Kılıçdaroğlu, “Bir rapor daha var. 17 Şubat 2017 tarihli bir bilirkişi raporu. Genelkurmay’da savcının istediği üzerine rapor düzenliyorlar. Rapor var bizde. Bu raporda yok. 15 Temmuz darbe girişimini araştıran komisyonun elinde yok. Var da gizliyor. Niçin yok? Bütün bu ayrıntıları komisyonun üyesi CHP milletvekilleri rapora yazacaklar. Biz görevimizi yapacağız. Asıl suçlular hala yakalanmış değil. Asıl failler yani bu işin siyasi ayağı hala ortaya çıkmış değil. Arkasını bırakmayacağız.” ifadesini kullandı.
Darbe girişimi sırasında hayatını kaybeden vatandaşlara karşı sorumlulukları olduğunu vurgulayan Kılıçdaroğlu, “249 şehidin kanını yerde bıraktılar. O kanı yerde bırakmamaya söz verdik. Sözümüzün arkasında duracağız. Asıl çağrılıp dinlenmesi gereken kişi, Adalet ve Kalkınma Partisi’nin iki genel başkanıdır. Binali Yıldırım ve Recep Tayyip Erdoğan. Gelip bilgi vermeleri lazım.” değerlendirmesini yaptı.
Kılıçdaroğlu, Erdoğan ve Yıldırım’ın darbe gecesine ilişkin açıklamalarının çelişkili olduğunu da iddia etti.
Darbe girişiminin siyasi ayağının mutlaka ortaya çıkarılması gerektiğini bildiren Kılıçdaroğlu, “Aynı menzile gidiyorlardı. Ne demektir bu? Bir ipte iki cambaz oynadılar. İki canbaz bir ipte oynamaz. Birisi diğerini tasfiye etti, diğeri yoluna devam etti. Neyle? 15 Temmuz’u fırsat bilip bir karşı darbeyle. Türkiye bir karşı darbe yaşamıştır ve yaşamaya devam etmektedir.” diye konuştu.

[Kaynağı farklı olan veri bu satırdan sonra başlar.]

(* Since w . 0 = w rho - rho and the Weyl group acts by isometries permuting
   the roots, moving w across the inner product reduces both bounds to
   <rho, b^vee> <= <rho, alpha_0> = h - 1 for every root b, together with
   <rho, a^vee> = 1 for simple a.  For short b this holds because alpha_0
   dominates every short root.  For long b, irreducibility yields a short
   root d with <d, b^vee> = 1; then b = d + (b - d) with both summands short
   and <b, b> >= 4, so <rho, b^vee> <= (2 / <b, b>) * 2 (h - 1) <= h - 1. *)

Section InnerProduct.
Variables (R : realType) (n : nat).
Notation V := 'rV[R]_n.
Implicit Types (u v x a : V).

Lemma dotE u v : dot u v = \sum_(j < n) u 0 j * v 0 j.
Proof. by rewrite /dot !mxE; apply: eq_bigr => j _; rewrite !mxE. Qed.

Lemma dotC u v : dot u v = dot v u.
Proof. by rewrite !dotE; apply: eq_bigr => j _; rewrite mulrC. Qed.

Lemma dotDl u v x : dot (u + v) x = dot u x + dot v x.
Proof. by rewrite !dotE -big_split; apply: eq_bigr => j _; rewrite mxE mulrDl. Qed.

Lemma dotZl (c : R) u x : dot (c *: u) x = c * dot u x.
Proof. by rewrite !dotE mulr_sumr; apply: eq_bigr => j _; rewrite mxE mulrA. Qed.

Lemma dot0l x : dot 0 x = 0.
Proof. by rewrite -(scale0r 0) dotZl mul0r. Qed.

Lemma dotNl u x : dot (- u) x = - dot u x.
Proof. by rewrite -scaleN1r dotZl mulN1r. Qed.

Lemma dotBl u v x : dot (u - v) x = dot u x - dot v x.
Proof. by rewrite dotDl dotNl. Qed.

Lemma dotDr u v x : dot x (u + v) = dot x u + dot x v.
Proof. by rewrite !(dotC x) dotDl. Qed.

Lemma dotZr (c : R) u x : dot x (c *: u) = c * dot x u.
Proof. by rewrite !(dotC x) dotZl. Qed.

Lemma dotNr u x : dot x (- u) = - dot x u.
Proof. by rewrite !(dotC x) dotNl. Qed.

Lemma dotBr u v x : dot x (u - v) = dot x u - dot x v.
Proof. by rewrite !(dotC x) dotBl. Qed.

Lemma dot_suml (I : Type) (s : seq I) (F : I -> V) x :
  dot (\sum_(i <- s) F i) x = \sum_(i <- s) dot (F i) x.
Proof.
elim: s => [|a s IH]; first by rewrite !big_nil dot0l.
by rewrite !big_cons dotDl IH.
Qed.

Lemma dot_self_ge0 u : 0 <= dot u u.
Proof. by rewrite dotE; apply: sumr_ge0 => j _; rewrite -expr2 sqr_ge0. Qed.

Lemma dot_self_eq0 u : (dot u u == 0) = (u == 0).
Proof.
apply/idP/eqP => [|->]; last by rewrite dot0l.
rewrite dotE => /eqP/psumr_eq0P sq0; apply/rowP => j; rewrite mxE.
apply/eqP; rewrite -sqrf_eq0 expr2; apply/eqP/sq0 => // i _.
by rewrite -expr2 sqr_ge0.
Qed.

Lemma dot_self_gt0 u : u != 0 -> 0 < dot u u.
Proof. by move=> u0; rewrite lt_def dot_self_eq0 u0 dot_self_ge0. Qed.

Lemma dot_sqr_le u v : 0 < dot v v -> dot u v ^+ 2 <= dot u u * dot v v.
Proof.
move=> v_gt0; set c := dot u v / dot v v.
have := dot_self_ge0 (u - c *: v).
rewrite !(dotBl, dotBr, dotZl, dotZr) (dotC v u).
have E : (dot u u - c * dot u v - c * (dot u v - c * dot v v)) * dot v v
         = dot u u * dot v v - dot u v ^+ 2 by rewrite /c; field; rewrite gt_eqF.
by move=> e_ge0; rewrite -subr_ge0 -E mulr_ge0 // ltW.
Qed.

Lemma dot_coroot v a : dot v (coroot a) = 2 / dot a a * dot v a.
Proof. by rewrite /coroot dotZr. Qed.

Lemma dot_coroot_self a : a != 0 -> dot a (coroot a) = 2.
Proof. by move=> a0; rewrite dot_coroot -mulrA mulVf ?mulr1 ?dot_self_eq0. Qed.

Lemma coroot_norm2 a : dot a a = 2 -> coroot a = a.
Proof. by move=> a2; rewrite /coroot a2 divff ?scale1r // pnatr_eq0. Qed.

Lemma refl_adj a u v : dot (refl a u) v = dot u (refl a v).
Proof.
by rewrite /refl dotBl dotBr dotZl dotZr !dot_coroot (dotC a v) (dotC u v); ring.
Qed.

Lemma reflK a : a != 0 -> involutive (refl a).
Proof.
move=> a0 u; rewrite {1}/refl {2}/refl dotBl dotZl dot_coroot_self //.
by apply/rowP => j; rewrite !mxE; ring.
Qed.

Lemma refl_iso a u v : a != 0 -> dot (refl a u) (refl a v) = dot u v.
Proof. by move=> a0; rewrite refl_adj reflK. Qed.

Lemma reflZ a (c : R) v : refl a (c *: v) = c *: refl a v.
Proof. by rewrite /refl dotZl scalerBr scalerA. Qed.

Lemma refl_self a : a != 0 -> refl a a = - a.
Proof.
by move=> a0; rewrite /refl dot_coroot_self //; apply/rowP => j; rewrite !mxE; ring.
Qed.

Lemma refl_coroot a : a != 0 -> refl a (coroot a) = - coroot a.
Proof. by move=> a0; rewrite /coroot reflZ refl_self // scalerN. Qed.

End InnerProduct.

Lemma intr_sqr_lt4 (R : realDomainType) (z : int) :
  (z%:~R : R) ^+ 2 < 4 -> z != 0 -> z%:~R = 1 :> R \/ z%:~R = -1 :> R.
Proof.
move=> z2_lt4 z_neq0.
have z_gtN2 : (-2)%:~R < z%:~R :> R by rewrite mulrNz; nra.
have z_lt2 : z%:~R < 2%:~R :> R by nra.
rewrite ltr_int in z_gtN2; rewrite ltr_int in z_lt2.
have /orP[/eqP-> | /eqP->] : (z == 1) || (z == -1) by lia.
  by left.
by right; rewrite mulrNz.
Qed.

Lemma intr_gt1 (R : realDomainType) (z : int) : 1 < z%:~R :> R -> 2 <= z%:~R :> R.
Proof.
rewrite ltr1z => z_gt1; have : (2 <= z)%R by lia.
by rewrite -(ler_int R).
Qed.

Section RootSystem.
Variables (R : realType) (n : nat) (Phi S : seq 'rV[R]_n).
Notation V := 'rV[R]_n.
Implicit Types (u v a b : V).
Hypothesis rsPhi : is_root_system Phi.
Hypothesis baseS : is_base Phi S.

Lemma root_neq0 b : b \in Phi -> b != 0.
Proof. by case: rsPhi => [[_ Phi0] _ _ _ _] bPhi; apply: contraNneq Phi0 => <-. Qed.

Lemma refl_root a b : a \in Phi -> b \in Phi -> refl a b \in Phi.
Proof. by case: rsPhi => _ _ reflPhi _ _; apply: reflPhi. Qed.

Lemma oppr_root b : b \in Phi -> - b \in Phi.
Proof. by move=> bPhi; rewrite -refl_self ?root_neq0 // refl_root. Qed.

Lemma cartan_int a b : a \in Phi -> b \in Phi ->
  exists z : int, dot b (coroot a) = z%:~R.
Proof. by case: rsPhi => _ _ _ cartan _; apply: cartan. Qed.

Lemma root_reduced a (c : R) : a \in Phi -> c *: a \in Phi -> c = 1 \/ c = -1.
Proof. by case: rsPhi => _ _ _ _ reduced; apply: reduced. Qed.

Lemma base_root a : a \in S -> a \in Phi.
Proof. by case: baseS => SPhi _ _; apply: SPhi. Qed.

Lemma simple_root (j : 'I_(size S)) : S`_j \in Phi.
Proof. by rewrite base_root ?mem_nth. Qed.

Lemma base_coord0 (x : 'I_(size S) -> R) :
  \sum_(i < size S) x i *: S`_i = 0 -> forall i, x i = 0.
Proof. by case: baseS => _ /(@freeP _ _ _ (in_tuple S)) Sfree _; apply: Sfree. Qed.

Lemma sum_base_delta (j : 'I_(size S)) (c : R) :
  \sum_(i < size S) (if i == j then c else 0) *: S`_i = c *: S`_j.
Proof.
rewrite (bigD1 j) //= eqxx big1 ?addr0 // => i /negbTE->.
by rewrite scale0r.
Qed.

Lemma nonneg_comb_simple (j : 'I_(size S)) : nonneg_comb S S`_j.
Proof.
exists (fun i => (i == j)%:R); split=> [i|]; first by rewrite ler0n.
rewrite -[LHS]scale1r -sum_base_delta; apply: eq_bigr => i _.
by case: (i == j).
Qed.

Lemma nonneg_comb_root_opp b : b \in Phi ->
  nonneg_comb S b -> ~ nonneg_comb S (- b).
Proof.
move=> bPhi [k [k_ge0 Eb]] [m [m_ge0 Em]].
have sum0 : \sum_(i < size S) ((k i)%:~R + (m i)%:~R) *: S`_i = 0.
  under eq_bigr do rewrite scalerDl.
  by rewrite big_split /= -Em -Eb subrr.
have k0 i : (k i)%:~R = 0 :> R.
  have := base_coord0 sum0 i; have := k_ge0 i; have := m_ge0 i.
  rewrite -!(ler0z R); lra.
move: (root_neq0 bPhi); rewrite Eb big1 ?eqxx // => i _.
by rewrite k0 scale0r.
Qed.

(* Reflection in a simple root a changes only the a-coordinate of b, and b
   has some other coordinate > 0 unless b = a, by reducedness. *)
Lemma refl_simple_pos (j : 'I_(size S)) b : b \in Phi -> nonneg_comb S b ->
  b != S`_j -> nonneg_comb S (refl S`_j b).
Proof.
move=> bPhi [k [k_ge0 Eb]] b_neq.
have aPhi := simple_root j.
have [i /andP[ij ki]] : exists i, (i != j) && (k i != 0).
  apply/existsP; apply: contraNT b_neq => /existsPn only_j.
  have Eb' : b = (k j)%:~R *: S`_j.
    rewrite Eb (bigD1 j) //= big1 ?addr0 // => i ij.
    by move: (only_j i); rewrite ij negbK => /eqP->; rewrite scale0r.
  move: (bPhi); rewrite Eb' => /(root_reduced aPhi) [kj1|kjN1].
    by rewrite kj1 scale1r.
  by move: (k_ge0 j); rewrite -(ler0z R) kjN1; lra.
have rbPhi := refl_root aPhi bPhi.
case: baseS => _ _ /(_ _ rbPhi) [//|[m [m_ge0 Em]]].
have [z Ez] := cartan_int aPhi bPhi.
pose x i := (k i)%:~R + (m i)%:~R - (if i == j then z%:~R else 0) : R.
have sum0 : \sum_(i < size S) x i *: S`_i = 0.
  rewrite /x; under eq_bigr do rewrite scalerBl scalerDl.
  rewrite sumrB big_split /= -Em -Eb sum_base_delta /refl Ez.
  by rewrite opprB addrC subrK subrr.
have := base_coord0 sum0 i; rewrite /x (negbTE ij) subr0.
have := k_ge0 i; have := m_ge0 i; rewrite -!(ler0z R).
move: ki; rewrite -(intr_eq0 R) => /eqP; lra.
Qed.

Lemma mem_pos_roots b :
  (b \in pos_roots Phi S) = (b \in Phi) && `[< nonneg_comb S b >].
Proof. by rewrite mem_filter andbC. Qed.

16 Nisan halk oylamasının ardından Türkiye’nin mühürsüz bir anayasa ile yönetildiğini, anayasanın toplumun, halkın değil, bir partinin anayasası olduğunu öne süren Kılıçdaroğlu, devletin kurumlarının ele geçirildiğini parti militanlarının yerleştirildiğini anlattı.
Kılıçdaroğlu, tüm bunlara karşı onurları ve gururlarıyla direneceklerini ifade ederek, “Ayarını bozdukları kantar, hiç kimse endişe etmesin, gün gelecek onları da tartacak.” dedi.